Sent: Dec 19, 2006 9:45 AM
Subject: Life after football | Fumbling for identity
By Greg Bishop
Seattle Times staff reporter
December 18, 2006
Ken Ruettgers' football funeral unfolded before his eyes. The Green Bay
Packers, his teammates for 12 seasons, were in the Super Bowl. He sat
in the stands, 34 and recently retired. The stadium swelled to
capacity. He felt empty and removed.
His picture flashed across the screen at halftime, same as every player
who retired or passed since the last Super Bowl. So Ken Ruettgers
turned his attention toward Ken Ruettgers. The man in the picture, the
football player, smiled. The man in the stands, the former football
player, waved goodbye and wondered: Who am I?
"It felt like a eulogy," Ruettgers says. "My teammates were in the land
of the living, and I was with the living dead. Of course I wanted them
to win. But a part of me didn't want them to win without me."
Ruettgers assumed that he alone suffered from transition torture, the
crisis evoked from losing an identity forged for decades on the
football field. Then Tom Neville, a former teammate suffering from
depression, broke out of a psychiatric ward and into an apartment
manager's office in California. He ended up dead, shot in a police
standoff.
Other teammates were going through divorces, bankruptcy, addicted to
painkillers, alcohol or drugs. He remembered them as warriors, fearless
and famous and indestructible. And so many of them were failing.
He watched the tears pour out of athletes at news conferences
announcing their retirements. Emmitt Smith. Troy Aikman. Andre Agassi.
All grieving what Ruettgers calls "identity foreclosure."
The concept led Ruettgers to create an organization called "Games Over"
to help athletes deal with transition. He studies, talks and writes
about lost identity. He found one common denominator in that work -
to some degree, they all go through it.
Retired offensive linemen struggle with an old question posed by Norm
Evans, who played for the Houston Oilers, the Miami Dolphins and the
Seahawks.
If you are what you do - and you don't - who are you?
"It's like you're an adult with an umbilical cord in your hand, walking
around and looking for a place to plug it in," Evans says. "And there's
nobody there to help you. It's like, 'Hey, you're an adult, you should
figure this out for yourself.' When, in a lot of ways, guys are
handicapped."
Ruettgers views the NFL as a high-school locker room extended into
adulthood. The players are technically adults, only more enabled and
entitled.

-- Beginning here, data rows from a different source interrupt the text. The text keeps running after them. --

Lemma rootedWith_uniq G R R' : rootedWith G R -> rootedWith G R' -> R' = R.
Proof. by move=> [_ uniqR] [rootR' _]; apply: uniqR. Qed.

Lemma rootedWith1_in G z q : rootedWith G [set z] -> G q z -> q = z.
Proof. by move=> [[_ closed] _] /closed; rewrite !inE eqxx => /(_ isT) /eqP. Qed.

End RootComponents.

Section Compound.
Variables (n : nat) (g : gseq n).
Hypothesis g_refl : forall r p, g r p p.

Lemma compound_refl a k p : compound g a k p p.
Proof. by elim: k => //= k IHk; apply/existsP; exists p; rewrite IHk g_refl. Qed.

Lemma compoundS a k u w v :
  compound g a k u w -> g (a + k.+1) w v -> compound g a k.+1 u v.
Proof. by move=> uw wv /=; apply/existsP; exists w; rewrite uw wv. Qed.

Lemma compound_mono a k K u v : k <= K -> compound g a k u v -> compound g a K u v.
Proof.
move=> /subnKC <-; elim: (K - k) => [|j IHj] uv; first by rewrite addn0.
by rewrite addnS; apply: compoundS (IHj uv) (g_refl _ _).
Qed.

Lemma compound_walk a (f : nat -> 'I_n) k :
  (forall j, j < k -> g (a + j.+1) (f j) (f j.+1)) -> compound g a k (f 0) (f k).
Proof.
elim: k => [|k IHk] walk /=; first exact: eqxx.
by apply: compoundS (walk k (ltnSn k)); apply: IHk => j /ltnW; apply: walk.
Qed.

Lemma compound_connect (G : graph n) a k u v :
  (forall i x y, 0 < i <= k -> g (a + i) x y -> G x y) ->
  compound g a k u v -> connect G u v.
Proof.
elim: k v => [|k IHk] v sub /=; first by move/eqP->.
case/existsP => w /andP [uw wv]; apply: connect_trans (connect1 (sub _ _ _ _ wv)).
  by apply: IHk uw => i x y /andP [i0 ik]; apply: sub; rewrite i0 leqW.
by rewrite ltnSn.
Qed.

End Compound.

Section Indistinguishability.
Variables (n : nat) (V S M : Type) (A : algorithm n V S M).
Implicit Types (I : 'I_n -> V) (g : gseq n).

Lemma state_eq_in_cone I I' g g' (P : nat -> pred 'I_n) :
  (forall p, P 0 p -> I p = I' p) ->
  (forall r p, P r.+1 p -> P r p) ->
  (forall r p q, P r.+1 p -> g r.+1 q p = g' r.+1 q p) ->
  (forall r p q, P r.+1 p -> g r.+1 q p -> P r q) ->
  forall r p, P r p -> state A I g r p = state A I' g' r p.
Proof.
move=> P0 Pself Pin Pclosed; elim=> [|r IHr] p Pp /=; first by rewrite P0.
rewrite IHr; last exact: Pself.
congr (trans A p _ _); apply: functional_extensionality => q.
by rewrite -(Pin r p q Pp); case: ifP => // /(Pclosed r p q Pp) /IHr->.
Qed.

Lemma state_eq_prefix I g g' K :
  (forall r, 0 < r <= K -> g r = g' r) ->
  forall r p, r <= K -> state A I g r p = state A I g' r p.
Proof.
move=> eq_g; apply: (state_eq_in_cone (P := fun r _ => r <= K)) => //.
- by move=> r _ /ltnW.
- by move=> r p q rK; rewrite eq_g.
- by move=> r p q /ltnW.
Qed.

Lemma state_eq_isolated I I' g g' z :
  I z = I' z -> (forall r q, g r.+1 q z = (q == z)) ->
  (forall r q, g' r.+1 q z = (q == z)) ->
  forall r, state A I g r z = state A I' g' r z.
Proof.
move=> Iz gz g'z r; apply: (state_eq_in_cone (P := fun _ p => p == z)) => //.
- by move=> p /eqP ->.
- by move=> r' p q /eqP ->; rewrite gz g'z.
- by move=> r' p q /eqP ->; rewrite gz.
Qed.

Lemma decides_eq_state I I' g g' z w :
  (forall r, state A I g r z = state A I' g' r z) ->
  decides A I g z w -> decides A I' g' z w.
Proof.
move=> eq_z [r [dec_r before_r]]; exists r; rewrite -eq_z; split=> // r' r'r.
by rewrite -eq_z before_r.
Qed.

End Indistinguishability.

Definition agree {L : Type} k (s s' : nat -> L) := forall i, i < k -> s i = s' i.

Definition extend {L : Type} k (s : nat -> L) t : nat -> L :=
  fun i => if i < k then s i else t.

Lemma agree_extend {L : Type} k (s : nat -> L) t : agree k (extend k s t) s.
Proof. by move=> i ik; rewrite /extend ik. Qed.

Lemma extend_extend_ge {L : Type} k (s : nat -> L) t u i :
  k <= i -> extend k.+1 (extend k s t) u i = if i == k then t else u.
Proof.
move=> ki; rewrite /extend (_ : i < k = false); last lia.
by case: eqVneq => [-> | ik]; [rewrite ltnSn | rewrite (_ : i < k.+1 = false) //; lia].
Qed.

Section Bivalence.
Variables (L V : Type) (f : (nat -> L) -> V).

Definition univalent k s := forall s1 s2, agree k s1 s -> agree k s2 s -> f s1 = f s2.

Lemma univalent_agree k s s' : agree k s s' -> univalent k s' -> univalent k s.
Proof.
move=> ss' us' s1 s2 s1s s2s.
by apply: us' => i ik; rewrite (s1s, s2s) ?ss'.
Qed.

Hypothesis f_continuous : forall s, exists r, univalent r s.
Hypothesis univalent_children :
  forall k s, (forall t, univalent k.+1 (extend k s t)) -> univalent k s.

Fixpoint bivalent_descent (s : nat -> L) k : nat -> L :=
  if k is k'.+1 then
    let s' := bivalent_descent s k' in
    extend k' s' (epsilon (inhabits (s 0)) (fun t => ~ univalent k'.+1 (extend k' s' t)))
  else s.

Lemma bivalent_descentP s k :
  ~ univalent 0 s -> ~ univalent k (bivalent_descent s k).
Proof.
move=> biv0; elim: k => //= k IHk.
apply: (epsilon_spec _ (fun t => ~ univalent k.+1 (extend k (bivalent_descent s k) t))).
by apply: not_all_not_ex => all_univ; apply/IHk/univalent_children => t; apply: NNPP.
Qed.

Lemma bivalent_descent_agree s k :
  agree k (fun i => bivalent_descent s i.+1 i) (bivalent_descent s k).
Proof.
elim: k => // k IHk i ik; rewrite [RHS]/= /extend.
case: ltnP => [/IHk // | ki]; have -> : i = k by lia.
by rewrite /= /extend ltnn.
Qed.

Lemma univalent_constant s1 s2 : f s1 = f s2.
Proof.
suff : univalent 0 s1 by apply.
apply: NNPP => biv0; have [r univ_r] := f_continuous (fun i => bivalent_descent s1 i.+1 i).
apply: (bivalent_descentP (k := r) biv0); apply: univalent_agree univ_r.
by move=> i ir; symmetry; apply: bivalent_descent_agree.
Qed.

End Bivalence.

Inductive block := Root0 | RootPath | RootD.
Inductive star := Star0 | StarD | Star0D.

Section Construction.
Variables n D : nat.
Hypothesis D_gt0 : 0 < D.
Hypothesis D_le_n : D <= n.
Local Notation proc := 'I_n.+1.

Definition p0 : proc := ord0.
Definition pD : proc := inord D.

Lemma val_pD : pD = D :> nat.
Proof. by rewrite inordK. Qed.

Lemma eq_p0 (u : proc) : (u == p0) = (u == 0 :> nat).
Proof. by []. Qed.

Lemma eq_pD (u : proc) : (u == pD) = (u == D :> nat).
Proof. by rewrite -val_eqE /= val_pD. Qed.

Definition on_path (u v : proc) := [&& u <= D, v <= D & (u.+1 == v) || (v.+1 == u)].
Definition fan_out (u v : proc) := (u <= D) && (D < v).

Definition block_root b : {set proc} :=
  match b with Root0 => [set p0] | RootPath => [set u : proc | u <= D] | RootD => [set pD] end.

Definition blocked b (v : proc) :=
  match b with RootPath => false | _ => v \in block_root b end.

(* All three blocks contain the path 0 - ... - D and edges from the path to the processes
   beyond D; Root0 (RootD) drops the path edges into 0 (into D). *)
Definition block_graph b : graph n.+1 :=
  fun u v => (u == v) || on_path u v && ~~ blocked b v || fan_out u v.

Definition star_center t : {set proc} :=
  match t with Star0 => [set p0] | StarD => [set pD] | Star0D => [set p0; pD] end.

Definition star_graph t : graph n.+1 := fun u v => (u == v) || (u \in star_center t).

Definition run b (s : nat -> star) : gseq n.+1 :=
  fun r => if r <= D then block_graph b else star_graph (s (r - D.+1)).

Lemma block_graphE b u v : block_graph b u v =
  (u == v :> nat) || on_path u v && ~~ (match b with
      Root0 => v == 0 :> nat | RootPath => false | RootD => v == D :> nat end) || fan_out u v.
Proof. by case: b; rewrite /block_graph /= ?inE ?eq_pD ?eq_p0 -?val_eqE. Qed.
Lemma forward_opp_slot p : forward (opp_slot p) = ~~ forward p.
Proof. by rewrite /forward opp_slotE ltn_neqAle leqNgt val_eqE config_neq. Qed.

Lemma card_forward : #|[pred p : slot | forward p]| = n * d %/ 2.
Proof.
have opp_inj := inv_inj opp_slotK.
have image_forward : image opp_slot [pred p | forward p] =i [predC [pred p | forward p]].
  by move=> p; rewrite -{1}(opp_slotK p) (mem_image opp_inj) !inE forward_opp_slot.
have := cardC [pred p : slot | forward p].
rewrite -(eq_card image_forward) card_image // card_prod !card_ord => <-.
by rewrite addnn -mul2n mulKn.
Qed.

Lemma size_forward_slots : size forward_slots = n * d %/ 2.
Proof. by rewrite -card_forward cardE /enum_mem size_filter -enumT size_filter. Qed.

End Configuration.

Section Prefix.
Variables n d : nat.
Local Notation slot := ('I_n * 'I_d)%type.
Variable G : config n d.
Hypothesis G_valid : valid_config G.

Definition listed_before (b a : slot) : bool :=
  [exists c, [&& forward G c, slot_rank c < slot_rank b & (a == c) || (a == opp_slot G c)]].

Definition closing_path (b : slot) (kk : 'I_d * 'I_d) : bool :=
  [&& G (G b.1 kk.1) kk.2 == G b.1 b.2, listed_before b (b.1, kk.1)
    & listed_before b (G b.1 kk.1, kk.2)].

Lemma listed_before_backward p : ~~ forward G p -> listed_before p p.
Proof.
move=> bwd_p; apply/existsP; exists (opp_slot G p).
rewrite forward_opp_slot // bwd_p opp_slotK // eqxx orbT andbT /=.
by apply: slot_rank_ltl; rewrite /= ltn_neqAle leqNgt bwd_p val_eqE config_neq.
Qed.

Variables (t : 'I_(n * d %/ 2)) (b : slot) (s : seq slot).
Hypothesis drop_b : drop t (forward_slots G) = b :: s.

Lemma mem_take_forward_slots c : c \in take t.+1 (forward_slots G) ->
  forward G c /\ (c = b \/ slot_rank c < slot_rank b).
Proof.
move=> c_take; split; first by rewrite -mem_forward_slots (mem_take c_take).
have t_lt : t < size (forward_slots G).
  by rewrite ltnNge; apply/negP => /drop_oversize; rewrite drop_b.
have nth_b : nth b (forward_slots G) t = b by move: drop_b; rewrite (drop_nth b t_lt) => -[].
move: c_take; rewrite (take_nth b t_lt) nth_b mem_rcons inE => /predU1P [|c_take]; first by left.
right; have := sorted_forward_slots G.
rewrite sorted_pairwise; last by move=> x y z /= /ltn_trans; apply.
rewrite -(cat_take_drop t (forward_slots G)) drop_b pairwise_cat => /and3P [/allrelP lt_b _ _].
exact: lt_b c b c_take (mem_head b s).
Qed.

Local Notation prefix_edges := (map (slot_edge G) (take t.+1 (forward_slots G))).

Lemma prefix_adj_slot u w : ((u, w) \in prefix_edges) || ((w, u) \in prefix_edges) ->
  exists2 a : slot, slot_edge G a = (u, w) & [\/ listed_before b a, a = b | a = opp_slot G b].
Proof.
move=> /orP [|] /mapP [c /mem_take_forward_slots [fwd_c c_pos] e_c].
  exists c => //; case: c_pos => [->|lt_cb]; first by constructor 2.
  by constructor 1; apply/existsP; exists c; rewrite fwd_c lt_cb eqxx.
exists (opp_slot G c); first by rewrite /slot_edge opp_slotE //; case: e_c => -> ->.
case: c_pos => [->|lt_cb]; first by constructor 3.
by constructor 1; apply/existsP; exists c; rewrite fwd_c lt_cb eqxx orbT.
Qed.

Lemma prefix_edges_irrefl u : (u, u) \notin prefix_edges.
Proof.
apply/negP => uu; case: (@prefix_adj_slot u u) => [|a [a_fst a_snd] _]; first by rewrite uu.
by move: (config_neq G_valid a.1 a.2); rewrite a_snd a_fst eqxx.
Qed.

Lemma exists_closing_path : phi G t -> exists kk, closing_path b kk.
Proof.
rewrite /phi ffunE config_edgesE -map_drop drop_b -map_take /in_triangle /=.
move=> /existsP [w /andP [adj_bw adj_w]].
have w_neq_b1 : w != b.1.
  by apply/eqP => w_b1; move: adj_bw; rewrite w_b1 orbb (negbTE (prefix_edges_irrefl _)).
have w_neq_b2 : w != G b.1 b.2.
  by apply/eqP => w_b2; move: adj_w; rewrite w_b2 orbb (negbTE (prefix_edges_irrefl _)).
rewrite orbC in adj_w.
have [a1 [a1_fst a1_snd] a1_pos] := prefix_adj_slot adj_bw.
have [a2 [a2_fst a2_snd] a2_pos] := prefix_adj_slot adj_w.
have a1_listed : listed_before b a1.
  case: a1_pos => // [a1_b | a1_opp]; first by move: w_neq_b2; rewrite -a1_snd a1_b eqxx.
  by move: (config_neq G_valid b.1 b.2); rewrite -{2}a1_fst a1_opp eqxx.
have a2_listed : listed_before b a2.
  case: a2_pos => // [a2_b | a2_opp]; first by move: w_neq_b1; rewrite -a2_fst a2_b eqxx.
  by move: w_neq_b2; rewrite -a2_fst a2_opp eqxx.
have b1_w : G b.1 a1.2 = w by rewrite -a1_fst.
exists (a1.2, a2.2); rewrite /closing_path /= b1_w -a2_fst a2_snd eqxx.
by rewrite -a1_fst -!surjective_pairing a1_listed a2_listed.
Qed.

End Prefix.

Section Encoding.
Variables n d : nat.
Local Notation slot := ('I_n * 'I_d)%type.
Local Notation m := (n * d %/ 2).
Implicit Types G : config n d.

Definition code_letter := ('I_d * ('I_n + 'I_d * 'I_d))%type.

(* The [None] branch is never taken when [G] is valid. *)
Definition encode_at G (t : 'I_m) : option code_letter :=
  if drop t (forward_slots G) is b :: _ then
    Some (opp_label G b, if phi G t then
      if [pick kk | closing_path G b kk] is Some kk then inr kk else inl (G b.1 b.2)
    else inl (G b.1 b.2))
  else None.

Definition encode G : {ffun 'I_m -> option code_letter} := [ffun t => encode_at G t].

Definition agree_below G G' (r : nat) :=
  forall q : slot, slot_rank q < r -> G q.1 q.2 = G' q.1 q.2.

Lemma index_forward_slots_agree G G' c : agree_below G G' (slot_rank c) ->
  forward G c -> forward G' c -> index c (forward_slots G) = index c (forward_slots G').
Proof.
move=> agree fwd_c fwd'_c.
rewrite /forward_slots (index_filter _ fwd_c) (index_filter _ fwd'_c) index_enum_slot.
apply: eq_in_count => q /index_ltn; rewrite index_enum_slot => lt_qc.
by rewrite /forward agree.
Qed.

Lemma position_forward_slot G c : valid_config G -> forward G c ->
  exists2 t : 'I_m, val t = index c (forward_slots G) &
    drop t (forward_slots G) = c :: drop t.+1 (forward_slots G).
Proof.
move=> G_valid; rewrite -mem_forward_slots => c_in.
have c_lt : index c (forward_slots G) < m by rewrite -(size_forward_slots G_valid) index_mem.
by exists (Ordinal c_lt); rewrite //= (drop_nth c) ?index_mem ?nth_index.
Qed.

Section Agreement.
Variables G G' : config n d.
Hypotheses (G_valid : valid_config G) (G'_valid : valid_config G').
Hypothesis encode_eq : encode G = encode G'.

Lemma common_position c : agree_below G G' (slot_rank c) -> forward G c -> forward G' c ->
  exists t : 'I_m, drop t (forward_slots G) = c :: drop t.+1 (forward_slots G) /\
                   drop t (forward_slots G') = c :: drop t.+1 (forward_slots G').
Proof.
move=> agree fwd_c fwd'_c.
have [t t_idx drop_c] := position_forward_slot G_valid fwd_c.
have [t' t'_idx drop'_c] := position_forward_slot G'_valid fwd'_c.
suff t_t' : t = t' by exists t; split; rewrite // t_t'.
by apply: val_inj; rewrite t_idx t'_idx (index_forward_slots_agree agree).
Qed.

Lemma opp_label_agree c : agree_below G G' (slot_rank c) -> forward G c ->
  G c.1 c.2 = G' c.1 c.2 -> opp_label G c = opp_label G' c.
Proof.
move=> agree fwd_c Gc_eq; have fwd'_c : forward G' c by rewrite /forward -Gc_eq.
have [t [drop_c drop'_c]] := common_position agree fwd_c fwd'_c.
by move/ffunP/(_ t): encode_eq; rewrite !ffunE /encode_at drop_c drop'_c => -[].
Qed.

Lemma listed_before_agree b a : agree_below G G' (slot_rank b) ->
  listed_before G b a -> G a.1 a.2 = G' a.1 a.2.
Proof.
move=> agree /existsP [c /and3P [fwd_c lt_cb /predU1P [-> | /eqP ->]]]; first exact: agree.
have agree_c : agree_below G G' (slot_rank c) by move=> q lt_qc; apply/agree/(ltn_trans lt_qc).
have Gc_eq := agree c lt_cb.
have opp_eq : opp_slot G c = opp_slot G' c by rewrite /opp_slot (opp_label_agree agree_c) // Gc_eq.
by rewrite opp_slotE // opp_eq opp_slotE.
Qed.

Lemma closing_path_agree b kk : agree_below G G' (slot_rank b) ->
  closing_path G b kk -> closing_path G' b kk -> G b.1 b.2 = G' b.1 b.2.
Proof.
move=> agree /and3P [/eqP <- listed1 listed2] /and3P [/eqP <- _ _].
by rewrite (listed_before_agree agree listed2) (listed_before_agree agree listed1).
Qed.

Lemma agree_backward p : agree_below G G' (slot_rank p) -> ~~ forward G p ->
  G p.1 p.2 = G' p.1 p.2.
Proof. by move=> agree /(listed_before_backward G_valid); apply: listed_before_agree. Qed.

End Agreement.
End Encoding.

Lemma agree_step n d (G G' : config n d) (p : 'I_n * 'I_d) :
  valid_config G -> valid_config G' -> phi G = phi G' -> encode G = encode G' ->
  agree_below G G' (slot_rank p) -> G p.1 p.2 = G' p.1 p.2.
Proof.
move=> G_valid G'_valid phi_eq encode_eq agree.
have [fwd_p | bwd_p] := boolP (forward G p); last exact: agree_backward.
have [fwd'_p | bwd'_p] := boolP (forward G' p); last first.
  have agree' : agree_below G' G (slot_rank p) by move=> q /agree.
  have G'p_eq := agree_backward G'_valid G_valid (esym encode_eq) agree' bwd'_p.
  by move: bwd'_p; rewrite /forward G'p_eq -/(forward G p) fwd_p.
have [t [drop_p drop'_p]] := common_position G_valid G'_valid agree fwd_p fwd'_p.
move/ffunP/(_ t): (encode_eq); rewrite !ffunE /encode_at drop_p drop'_p -phi_eq.
case phi_t: (phi G t); last by case.
have phi'_t : phi G' t by rewrite -phi_eq.
have [kk path_kk] := exists_closing_path G_valid drop_p phi_t.
have [kk' path'_kk'] := exists_closing_path G'_valid drop'_p phi'_t.
case: pickP => [k1 path_k1 | /(_ kk)]; last by rewrite path_kk.
case: pickP => [k2 path'_k2 [_ k1_k2] | /(_ kk')]; last by rewrite path'_kk'.
by apply: (closing_path_agree G_valid G'_valid encode_eq agree path_k1); rewrite k1_k2.
Qed.

Lemma encode_inj n d (G G' : config n d) : valid_config G -> valid_config G' ->
  phi G = phi G' -> encode G = encode G' -> G = G'.
Proof.
move=> G_valid G'_valid phi_eq encode_eq.
have agree r : agree_below G G' r.
  elim/ltn_ind: r => r IH q lt_qr; apply: agree_step => // q' lt_q'q.
  exact: IH (slot_rank q) lt_qr q' lt_q'q.
by apply/ffunP => v; apply/ffunP => k; apply: (agree (slot_rank (v, k)).+1 (v, k)).
Qed.

Section Counting.
Variables n d : nat.
Local Notation m := (n * d %/ 2).

Definition letters (closes : bool) : {set option (code_letter n d)} :=
  if closes then [set Some (lk.1, inr lk.2) | lk : 'I_d * ('I_d * 'I_d)]
  else [set Some (lv.1, inl lv.2) | lv : 'I_d * 'I_n].

Lemma card_letters closes : #|letters closes| = if closes then d * d ^ 2 else d * n.
Proof.
by case: closes; rewrite card_imset ?card_prod ?card_ord // => -[? ?] [? ?] [-> ->].
Qed.

Lemma encode_in_letters (G : config n d) t : valid_config G -> encode G t \in letters (phi G t).
Proof.
move=> G_valid; rewrite ffunE /encode_at.
case drop_t: (drop t (forward_slots G)) => [|b s].
  by move/eqP: drop_t; rewrite -size_eq0 size_drop size_forward_slots // subn_eq0 leqNgt ltn_ord.
case phi_t: (phi G t); last by apply/imsetP; exists (opp_label G b, G b.1 b.2).
have [kk path_kk] := exists_closing_path G_valid drop_t phi_t.
case: pickP => [kk' _ | /(_ kk)]; last by rewrite path_kk.
by apply/imsetP; exists (opp_label G b, kk').
Qed.

Lemma card_phi_fiber (x : {ffun 'I_m -> bool}) :
  #|[set G : config n d | valid_config G && (phi G == x)]| <= \prod_(t < m) #|letters (x t)|.
Proof.
set S := [set G | _].
have S_valid G : G \in S -> valid_config G /\ phi G = x by rewrite inE => /andP [-> /eqP].
have encode_injS : {in S &, injective (@encode n d)}.
  move=> G G' /S_valid [G_valid phi_G] /S_valid [G'_valid phi_G'].
  by apply: encode_inj; rewrite ?phi_G ?phi_G'.
rewrite -cardsXn -(card_in_imset encode_injS); apply: subset_leq_card.
apply/subsetP => _ /imsetP [G /S_valid [G_valid <-] ->]; apply/setXnP => t.
exact: encode_in_letters.
Qed.

End Counting.

Local Open Scope ring_scope.

Lemma prod_if_weight (R : comSemiRingType) m (x : {ffun 'I_m -> bool}) (q : R) :
  \prod_(t < m) (if x t then q else 1) = q ^+ weight x.
Proof. by rewrite -big_mkcond prodr_const; congr (_ ^+ _); apply: eq_card => t; rewrite inE. Qed.

Lemma natr_card_letters (R : fieldType) n d closes : (n%:R : R) != 0 ->
  (#|letters n d closes|%:R : R) = (d * n)%:R * (if closes then (d ^ 2)%:R / n%:R else 1).
Proof.
move=> n_neq0; rewrite card_letters; case: closes; last by rewrite mulr1.
by rewrite !natrM; field.
Qed.

Theorem lemma1 (R : realFieldType) (c : R) (n d : nat) :
  0 < c -> c < 1 -> ~~ odd (d * n) ->
  forall x : {ffun 'I_(n * d %/ 2) -> bool},
    (#|[set G in Gstar n d c | phi G == x]|%:R : R) <=
      ((d * n)%:R) ^+ (d * n %/ 2) * ((d ^ 2)%:R / n%:R) ^+ (weight x).
Proof.
move=> _ _ _ x.
have n_neq0 (t : 'I_(n * d %/ 2)) : (n%:R : R) != 0.
  rewrite pnatr_eq0 -lt0n; have := leq_trans (ltn_ord t) (leq_div _ 2).
  by move/(leq_ltn_trans (leq0n t)); rewrite muln_gt0 => /andP [].
apply: le_trans (_ : (\prod_(t < n * d %/ 2) #|letters n d (x t)|)%:R <= _).
  rewrite ler_nat; apply: leq_trans (card_phi_fiber x); apply/subset_leq_card/subsetP => G.
  by rewrite !inE => /andP [/andP [-> _] ->].
rewrite natr_prod (eq_bigr _ (fun t _ => @natr_card_letters R n d (x t) (n_neq0 t))).
by rewrite big_split /= prodr_const card_ord prod_if_weight mulnC.
Qed.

He compares them to lions raised in the San Diego Zoo, then
suddenly dropped back into Africa at retirement.
He cites one study that found 90 percent of elite athletes look forward
to retirement. What the study left out, Ruettgers says, is they look
forward to retiring to utopia after a 20-year career filled with Pro
Bowls and Super Bowls. Then they get there. Bills need to be paid.
Wives and kids have needs. And life goes on, whether they're ready or
not.
These are the trials of transition.
Players retire at the age most peers are climbing the corporate ladder.
Having already reached one pinnacle themselves, they are weary of
starting from the bottom or scared of failing at something new. John
Michels, former Packers offensive lineman, compares it to going from
CEO of your personal athletic corporation to starting over in the
mailroom.
Many lack basic qualifications outside of football. One study conducted
by the NFL Players Association found that 70 percent of current players
have not completed their college educations. Worse yet, when Art Kuehn
played for the Seahawks from 1976 to '82, two of his teammates couldn't
read.
"Just because you can push around a 300-pounder doesn't mean you're
going to figure out the rest of it," says Blair Bush, a retired NFL
veteran who lives in Seattle. "That qualifies you to be a bouncer is
about all."
Former players miss the locker room, miss the friendships and the
structure. Jim Sweeney, a 16-year veteran who retired in 1999, says
players go from having 52 best friends to seeing them occasionally. He
calls the camaraderie an "addiction," the transition a "tug of war."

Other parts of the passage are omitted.